▸ **The task**
Going down the data below, set down exactly the line with "last crossing, one" and each line after it through the line with "elim: D => [|x"; no other lines.

┌─ Supplied records

(* Let $u(t)=\sum_{i=1}^M s_i(t)e^{j2\pi f_it}$ be a signal in the class $\mathcal{M}_2$ described in the context, observed by the L-shaped array described in the context with $N$ sensors along each axis and spacing $d$. Define $\mathbf{R}_1=\mathbb{E}[\mathbf{x}_1\mathbf{z}_1^H]$, $\mathbf{R}_2=\mathbb{E}[\mathbf{x}_2\mathbf{z}_1^H]$, $\mathbf{R}_3=\mathbb{E}[\mathbf{x}_1\mathbf{z}_2^H]$ and $\mathbf{R}=[\mathbf{R}_1^T\ \mathbf{R}_2^T\ \mathbf{R}_3^T]^T\in\mathbb{C}^{3(N-1)\times(N-1)}$, and let $\mathbf{U}_1\in\mathbb{C}^{3(N-1)\times M}$ be the matrix of left singular vectors of $\mathbf{R}$ corresponding to its $M$ largest singular values. If (c1) $d\le\frac{c}{f_{\text{Nyq}}}$ and (c2) $N>M$, then there exists an invertible $M\times M$ matrix $\mathbf{T}$ such that $$\mathbf{U}_1=\begin{bmatrix}\mathbf{A}_{x_1}\\ \mathbf{A}_{x_1}\boldsymbol{\Phi}\\ \mathbf{A}_{x_1}\boldsymbol{\Psi}^H\end{bmatrix}\mathbf{T}.$$
   Context: Class $\mathcal{M}_2$: $u$ is complex valued with Fourier transform supported in $[-f_{\text{Nyq}}/2,f_{\text{Nyq}}/2]$, each $s_i$ has Fourier transform supported in $[-B/2,B/2]$, $\min_{i\neq j}|f_i-f_j|>B$; the $s_i$ are wide-sense stationary, zero mean, mutually uncorrelated, with $\mathbb{E}[|s_i(t)|^2]\neq 0$; transmission $i$ lies in the $xz$-plane with unknown angle of arrival $\theta_i$, $|\theta_i|<90^\circ$ (measured from the positive $x$ axis), and the electronic angles are distinct: $f_i\cos\theta_i\neq f_j\cos\theta_j$ and $f_i\sin\theta_i\neq f_j\sin\theta_j$ for $i\neq j$. $c>0$ is the propagation speed. L-shaped array: two orthogonal uniform linear arrays (along $x$ and $z$), $N$ sensors each with a common sensor at the origin, spacing $d$; every sensor multiplies its received signal by the same periodic function $p(t)$, low-pass filters and samples at rate $f_s$. With $\tau_n^x(\theta)=\frac{dn}{c}\cos\theta$, $\tau_n^z(\theta)=\frac{dn}{c}\sin\theta$, the samples satisfy $\mathbf{x}[k]=\mathbf{A}_x\mathbf{w}[k]$, $\mathbf{z}[k]=\mathbf{A}_z\mathbf{w}[k]$, where $(\mathbf{A}_x)_{n,i}=e^{j2\pi f_i\tau_n^x(\theta_i)}$, $(\mathbf{A}_z)_{n,i}=e^{j2\pi f_i\tau_n^z(\theta_i)}$, $n=1,\dots,N$, and $\mathbf{w}[k]\in\mathbb{C}^M$ has entries $w_i[k]=\tilde s_i(k/f_s)$ ($\tilde s_i$ the filtered version of $s_i(t)e^{j2\pi f_it}p(t)$); $\mathbf{R}_w=\mathbb{E}[\mathbf{w}\mathbf{w}^H]$ is diagonal with nonzero diagonal entries. $\mathbf{x}_1,\mathbf{A}_{x_1}$ (resp. $\mathbf{x}_2,\mathbf{A}_{x_2}$) are the first (resp. last) $N-1$ rows of $\mathbf{x},\mathbf{A}_x$; likewise $\mathbf{z}_1,\mathbf{z}_2,\mathbf{A}_{z_1},\mathbf{A}_{z_2}$. $\boldsymbol{\Phi}=\mathrm{diag}(e^{j2\pi f_i\tau_1^x(\theta_i)})_{i=1}^M$, $\boldsymbol{\Psi}=\mathrm{diag}(e^{j2\pi f_i\tau_1^z(\theta_i)})_{i=1}^M$, so $\mathbf{A}_{x_2}=\mathbf{A}_{x_1}\boldsymbol{\Phi}$, $\mathbf{A}_{z_2}=\mathbf{A}_{z_1}\boldsymbol{\Psi}$. *)

From HB Require Import structures.
From mathcomp Require Import all_boot all_order all_algebra.
From mathcomp Require Import all_classical all_reals all_analysis.
From mathcomp.real_closed Require Import complex.
Set Implicit Arguments. Unset Strict Implicit. Unset Printing Implicit Defensive.
Import Order.TTheory GRing.Theory Num.Theory.
Local Open Scope ring_scope.
Local Open Scope complex_scope.
(* Let $n$ be a positive integer. Define $z:J_n\to I_n$ by $z(A,B,C)=(A,\emptyset,BC)$, where $BC$ denotes the concatenation of $B$ followed by $C$. Then $z$ is a well-defined bijection from $J_n$ onto $I_n$.
   Context: A lattice path here is a finite (possibly empty) sequence of steps, each an up step $(1,1)$ or a down step $(1,-1)$, drawn as a polygonal line; concatenation $BC$ is the path consisting of the steps of $B$ followed by those of $C$. $T_n$ is the set of ordered triples $(A,B,C)$ of lattice paths such that for some nonnegative integers $i,j,k$ with $i+j+k=n$, $A$ has $i$ up and $i$ down steps, $B$ has $j$ up and $j$ down steps, and $C$ has $k$ up and $k$ down steps; each path in a triple is regarded as drawn starting (and hence ending) on the horizontal axis. $I_n$ is the set of $(A,B,C)\in T_n$ such that $B$ is empty and $C$ has both a point strictly above and a point strictly below the horizontal axis. $J_n$ is the set of $(A,B,C)\in T_n$ such that either (1) $B$ ends with a down step, $C$ is nonempty, and no point of $C$ is strictly above the horizontal axis, or (2) $B$ ends with an up step, $C$ is nonempty, and no point of $C$ is strictly below the horizontal axis. *)

From mathcomp Require Import all_boot all_algebra.
Set Implicit Arguments. Unset Strict Implicit. Unset Printing Implicit Defensive.
Import GRing.Theory Num.Theory.
Local Open Scope ring_scope.

(* A lattice path is a finite sequence of steps: true = up step (1,1),
   false = down step (1,-1).  Concatenation is seq concatenation (++). *)
Definition path := seq bool.

Definition step (b : bool) : int := if b then 1 else -1.

Definition height (p : path) : int := \sum_(x <- p) step x.

(* the vertices of p are the endpoints of its prefixes take k p, 0 <= k <= size p;
   a point of the polygonal line is strictly above (below) the axis iff some
   vertex is (the line is piecewise linear between consecutive vertices). *)
Definition has_above (p : path) : bool :=
  has (fun k => 0 < height (take k p)) (iota 0 (size p).+1).
Definition has_below (p : path) : bool :=
  has (fun k => height (take k p) < 0) (iota 0 (size p).+1).

Definition triple := (path * path * path)%type.

Definition semilen (p : path) (i : nat) : Prop :=
  count id p = i /\ count negb p = i.

Definition inT (n : nat) (t : triple) : Prop :=
  let: (A, B, C) := t in
  exists i j k : nat, (i + j + k)%N = n /\ semilen A i /\ semilen B j /\ semilen C k.

Definition inI (n : nat) (t : triple) : Prop :=
  let: (A, B, C) := t in
  inT n t /\ B = [::] /\ has_above C /\ has_below C.

Definition inJ (n : nat) (t : triple) : Prop :=
  let: (A, B, C) := t in
  inT n t /\
  ((exists B', B = rcons B' false) /\ C <> [::] /\ ~~ has_above C \/
   (exists B', B = rcons B' true) /\ C <> [::] /\ ~~ has_below C).

Definition z (t : triple) : triple :=
  let: (A, B, C) := t in (A, [::], B ++ C).

From mathcomp Require Import all_boot all_algebra.
From mathcomp Require Import zify.
Import GRing.Theory Num.Theory.

(* For (A, B, C) in J_n, the path D = BC is back on the axis at the end of B, having
   arrived there from one side, and C never returns strictly to that side.  So |B|
   is the last crossing of D: the last vertex whose two neighbours lie strictly on
   opposite sides of the axis.  Conversely, a path visiting both sides has a unique
   last crossing, one step after the earlier of its last visits to the two sides,
   and cutting it there recovers B and C. *)

Set Implicit Arguments.
Unset Strict Implicit.
Unset Printing Implicit Defensive.

Local Open Scope ring_scope.

Definition level (D : seq bool) (k : nat) : int := height (take k D).

Definition beyond (b : bool) (x : int) : bool := if b then 0 < x else x < 0.

Definition visits (b : bool) (D : seq bool) : bool :=
  if b then has_above D else has_below D.

Lemma height_cat B C : height (B ++ C) = height B + height C.
Proof. by rewrite /height big_cat. Qed.

Lemma height_rcons B x : height (rcons B x) = height B + step x.
Proof. by rewrite -cats1 height_cat /height big_seq1. Qed.

Lemma height_count D : height D = (count id D)%:Z - (count negb D)%:Z.
Proof.
elim: D => [|x D IH]; first by rewrite /height big_nil.
rewrite /height big_cons -/(height D) IH; case: x => /=; rewrite /step; lia.
Qed.

Lemma levelS D k : (k < size D)%N -> level D k.+1 = level D k + step (nth false D k).
Proof. by move=> kD; rewrite /level (take_nth false) // height_rcons. Qed.

Lemma level_catr B C k : level (B ++ C) (size B + k) = height B + level C k.
Proof. by rewrite /level takeD take_size_cat // drop_size_cat // height_cat. Qed.

Lemma visitsP b D :
  reflect (exists2 k, (k <= size D)%N & beyond b (level D k)) (visits b D).
Proof.
have memP k : (k \in iota 0 (size D).+1) = (k <= size D)%N.
  by rewrite mem_iota add0n ltnS.
by case: b; apply: (iffP hasP) => -[k]; rewrite ?memP => kD; exists k; rewrite ?memP.
Qed.

Lemma beyond_step b x : beyond b (step x) = (x == b).
Proof. by case: b; case: x. Qed.

Lemma beyond_opp b x : beyond b (- x) = beyond (~~ b) x.
Proof. by case: b; rewrite /= ?oppr_gt0 ?oppr_lt0. Qed.

Definition last_crossing (D : seq bool) (p : nat) (b : bool) : Prop :=
  [/\ (0 < p < size D)%N, level D p.-1 = step b, level D p.+1 = - step b &
      forall k, (p <= k <= size D)%N -> ~~ beyond b (level D k)].

Lemma last_crossing_level D p b : last_crossing D p b -> level D p = 0.
Proof.
case=> /andP[p0 pD] before after _.
have := levelS pD; have := levelS (leq_ltn_trans (leq_pred p) pD).
rewrite prednK // before after.
by case: (nth false D p.-1) (nth false D p) => [] []; rewrite /step;
  case: b {before after} => /=; lia.
Qed.

Lemma last_crossing_unique D p q b c :
  last_crossing D p b -> last_crossing D q c -> p = q.
Proof.
wlog pq : p q b c / (p <= q)%N.
  move=> W Hp Hq; case: (leqP p q) => pq; first exact: W Hp Hq.
  by symmetry; apply: W Hq Hp; apply: ltnW.
case=> /andP[p0 _] _ _ after [/andP[q0 qD] before_q after_q _].
apply/eqP; rewrite eqn_leq pq leqNgt; apply/negP => lt_pq.
have := after q.-1 ltac:(lia); have := after q.+1 ltac:(lia).
rewrite before_q after_q beyond_opp !beyond_step.
by clear; case: b c => [] [].
Qed.

Lemma last_crossing_visits D p b :
  last_crossing D p b -> visits true D /\ visits false D.
Proof.
case=> /andP[_ pD] before after _.
have vis k c : (k <= size D)%N -> level D k = step c -> visits c D.
  by move=> kD e; apply/visitsP; exists k; rewrite // e beyond_step.
have visN k c : (k <= size D)%N -> level D k = - step c -> visits (~~ c) D.
  by move=> kD e; apply: (vis k); rewrite // e; case: c {e}.
have vb : visits b D by apply: (vis p.-1) before; lia.
have vnb : visits (~~ b) D by apply: (visN p.+1) after.
by case: b {before after} vb vnb.
Qed.

Lemma last_visit b D : visits b D ->
  exists k, [/\ (k <= size D)%N, beyond b (level D k) &
    forall k', (k < k' <= size D)%N -> ~~ beyond b (level D k')].
Proof.
move=> /visitsP[k0 k0D vis0].
have ex : exists k, (k <= size D)%N && beyond b (level D k).
  by exists k0; rewrite k0D.
have [k /andP[kD visk] maxk] := ex_maxnP ex (fun k => @proj1 _ _ \o andP).
exists k; split=> // k' /andP[lt_kk' k'D]; apply/negP => visk'.
by have := maxk k'; rewrite k'D visk' => /(_ isT); rewrite leqNgt lt_kk'.
Qed.

Lemma crossing_after_last_visit D b ka kb :
  (ka < kb <= size D)%N -> beyond b (level D ka) -> beyond (~~ b) (level D kb) ->
  (forall k, (ka < k <= size D)%N -> ~~ beyond b (level D k)) ->
  last_crossing D ka.+1 b.
Proof.
move=> /andP[lt_ab bD] vis_a vis_b after.
have aD : (ka < size D)%N by apply: leq_trans bD.
have [at_a at_a1] : level D ka = step b /\ level D ka.+1 = 0.
  have := after ka.+1 ltac:(lia); rewrite (levelS aD) /step.
  by move: vis_a; case: (nth _ _ _); case: b {vis_b after} => /=; lia.
have a1D : (ka.+1 < size D)%N.
  apply: leq_trans bD; rewrite ltn_neqAle lt_ab andbT.
  by apply/eqP=> e; move: vis_b; rewrite -e at_a1; case: b {at_a vis_a after}.
split=> //.
have := after ka.+2 ltac:(lia); rewrite (levelS a1D) at_a1 add0r beyond_step.
by case: (nth _ _ _); case: b {at_a vis_a vis_b after}.
Qed.

Lemma exists_last_crossing D :
  visits true D -> visits false D -> exists p b, last_crossing D p b.
Proof.
move=> /last_visit[ka [kaD vis_a after_a]] /last_visit[kb [kbD vis_b after_b]].
case: (ltngtP ka kb) => [lt_ab|lt_ba|e].
- by exists ka.+1, true; apply: crossing_after_last_visit vis_a vis_b after_a; rewrite lt_ab kbD.
- by exists kb.+1, false; apply: crossing_after_last_visit vis_b vis_a after_b; rewrite lt_ba kaD.
- by move: vis_a vis_b; rewrite e /=; lia.
Qed.

Definition crossing_split (B C : seq bool) (b : bool) : Prop :=
  [/\ exists B', B = rcons B' (~~ b), C <> [::] & ~~ visits b C].

Lemma inJE n A B C :
  inJ n (A, B, C) <-> inT n (A, B, C) /\ exists b, crossing_split B C b.
Proof.
split=> [[hT [[eB [nC vC]]|[eB [nC vC]]]]|[hT [[] [eB nC vC]]]]; split=> //.
- by exists true.
- by exists false.
- by left.
- by right.
Qed.

Lemma crossing_splitP B C b : height B = 0 ->
  crossing_split B C b <-> last_crossing (B ++ C) (size B) b.
Proof.
move=> hB; have levelC k : level (B ++ C) (size B + k) = level C k.
  by rewrite level_catr hB add0r.
split.
- case=> [[B' eB] nC noC].
  have hB' : height B' = step b.
    by move: hB; rewrite eB height_rcons; case: b {eB noC} => /=; rewrite /step /=; lia.
  have atB1 : level (B ++ C) (size B).+1 = - step b.
    case: C nC noC levelC => [//|c C] _ /visitsP noC levelC.
    have : ~~ beyond b (level (c :: C) 1) by apply/negP => v; apply: noC; exists 1%N.
    rewrite -[(size B).+1]addn1 levelC /level /= take0 /height big_seq1 beyond_step.
    by case: b c {hB' eB noC levelC} => [] [].
  split=> //.
  + rewrite size_cat eB size_rcons /=; case: C nC {noC levelC atB1} => //= *; lia.
  + by rewrite eB size_rcons /= /level -cats1 -catA take_size_cat.
  + move=> k /andP[Bk kBC]; rewrite -(subnKC Bk) levelC.
    apply/negP => v; move/visitsP: noC; apply; exists (k - size B)%N => //.
    by rewrite size_cat in kBC; lia.
- case=> /andP[B0 BC] before _ after.
  case/lastP: B hB B0 BC before after levelC => [//|B' x] hB _ BC before after levelC.
  have {}before : height B' = step b.
    by rewrite -before size_rcons /= /level -cats1 -catA take_size_cat.
  have ex : x = ~~ b.
    by move: hB; rewrite height_rcons before; clear; case: b x => [] [] /=; rewrite /step.
  split.
  + by exists B'; rewrite ex.
  + by move=> eC; rewrite eC cats0 ltnn in BC.
  + apply/negP => /visitsP[k kC vk].
    suff : ~~ beyond b (level C k) by rewrite vk.
    by rewrite -levelC; apply: after; rewrite size_cat; lia.
Qed.

Lemma semilen_height A i : semilen A i -> height A = 0.
Proof. by case=> up down; rewrite height_count up down subrr. Qed.

Lemma height0_semilen B : height B = 0 -> semilen B (count id B).
Proof. by rewrite height_count; split=> //; lia. Qed.

Lemma semilen_cat B C j k :
  semilen B j -> semilen C k -> semilen (B ++ C) (j + k).
Proof.
by case=> upB downB [upC downC]; rewrite /semilen !count_cat upB downB upC downC.
Qed.

Lemma inT_height_middle n A B C : inT n (A, B, C) -> height B = 0.
Proof. by case=> [i [j [k [_ [_ [sB _]]]]]]; apply: semilen_height sB. Qed.

Lemma inT_catE n A B C : height B = 0 ->
  inT n (A, B, C) <-> inT n (A, [::], B ++ C).
Proof.
move=> hB; split.
- case=> i [j [k [e [sA [sB sC]]]]].
  exists i, 0%N, (j + k)%N; split; first lia.
  by split=> //; split; [|exact: semilen_cat].
- case=> i [j [m [e [sA [[/= j0 _] sD]]]]].
  have hC : height C = 0.
    by move: (semilen_height sD); rewrite height_cat hB add0r.
  exists i, (count id B), (count id C); split.
    by case: sD; rewrite count_cat => cnt _; lia.
  by split=> //; split; apply: height0_semilen.
Qed.

Theorem lemma4 (n : nat) (hn : (0 < n)%N) :
  (forall t, inJ n t -> inI n (z t)) /\
  (forall t1 t2, inJ n t1 -> inJ n t2 -> z t1 = z t2 -> t1 = t2) /\
  (forall u, inI n u -> exists t, inJ n t /\ z t = u).
Proof.
split; [|split].
- move=> [[A B] C] /inJE[hT [b sp]] /=.
  have hB := inT_height_middle hT.
  split; first exact: (inT_catE n A C hB).1 hT.
  by split=> //; apply: last_crossing_visits ((crossing_splitP C b hB).1 sp).
- move=> [[A B] C] [[A' B'] C'] /inJE[hT [b sp]] /inJE[hT' [b' sp']] [<- eD].
  move/(crossing_splitP _ _ (inT_height_middle hT)): sp.
  move/(crossing_splitP _ _ (inT_height_middle hT')): sp'.
  rewrite -eD => lc' lc; have eB := last_crossing_unique lc lc'.
  by move/eqP: eD; rewrite eqseq_cat // => /andP[/eqP-> /eqP->].
- move=> [[A B] D] [hT [eB [up down]]]; subst B.
  have [p [b lc]] := exists_last_crossing up down.
  have pD : (p <= size D)%N by case: lc => /andP[_ /ltnW].
  have hB : height (take p D) = 0 := last_crossing_level lc.
  exists (A, take p D, drop p D); split; last by rewrite /= cat_take_drop.
  apply/inJE; split; first by apply: (inT_catE n A _ hB).2; rewrite cat_take_drop.
  by exists b; apply/crossing_splitP; rewrite // cat_take_drop size_takel.
Qed.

└─

▸ **Result**
   last crossing, one step after the earlier of its last visits to the two sides,
   and cutting it there recovers B and C. *)

Set Implicit Arguments.
Unset Strict Implicit.
Unset Printing Implicit Defensive.

Local Open Scope ring_scope.

Definition level (D : seq bool) (k : nat) : int := height (take k D).

Definition beyond (b : bool) (x : int) : bool := if b then 0 < x else x < 0.

Definition visits (b : bool) (D : seq bool) : bool :=
  if b then has_above D else has_below D.

Lemma height_cat B C : height (B ++ C) = height B + height C.
Proof. by rewrite /height big_cat. Qed.

Lemma height_rcons B x : height (rcons B x) = height B + step x.
Proof. by rewrite -cats1 height_cat /height big_seq1. Qed.

Lemma height_count D : height D = (count id D)%:Z - (count negb D)%:Z.
Proof.
elim: D => [|x D IH]; first by rewrite /height big_nil.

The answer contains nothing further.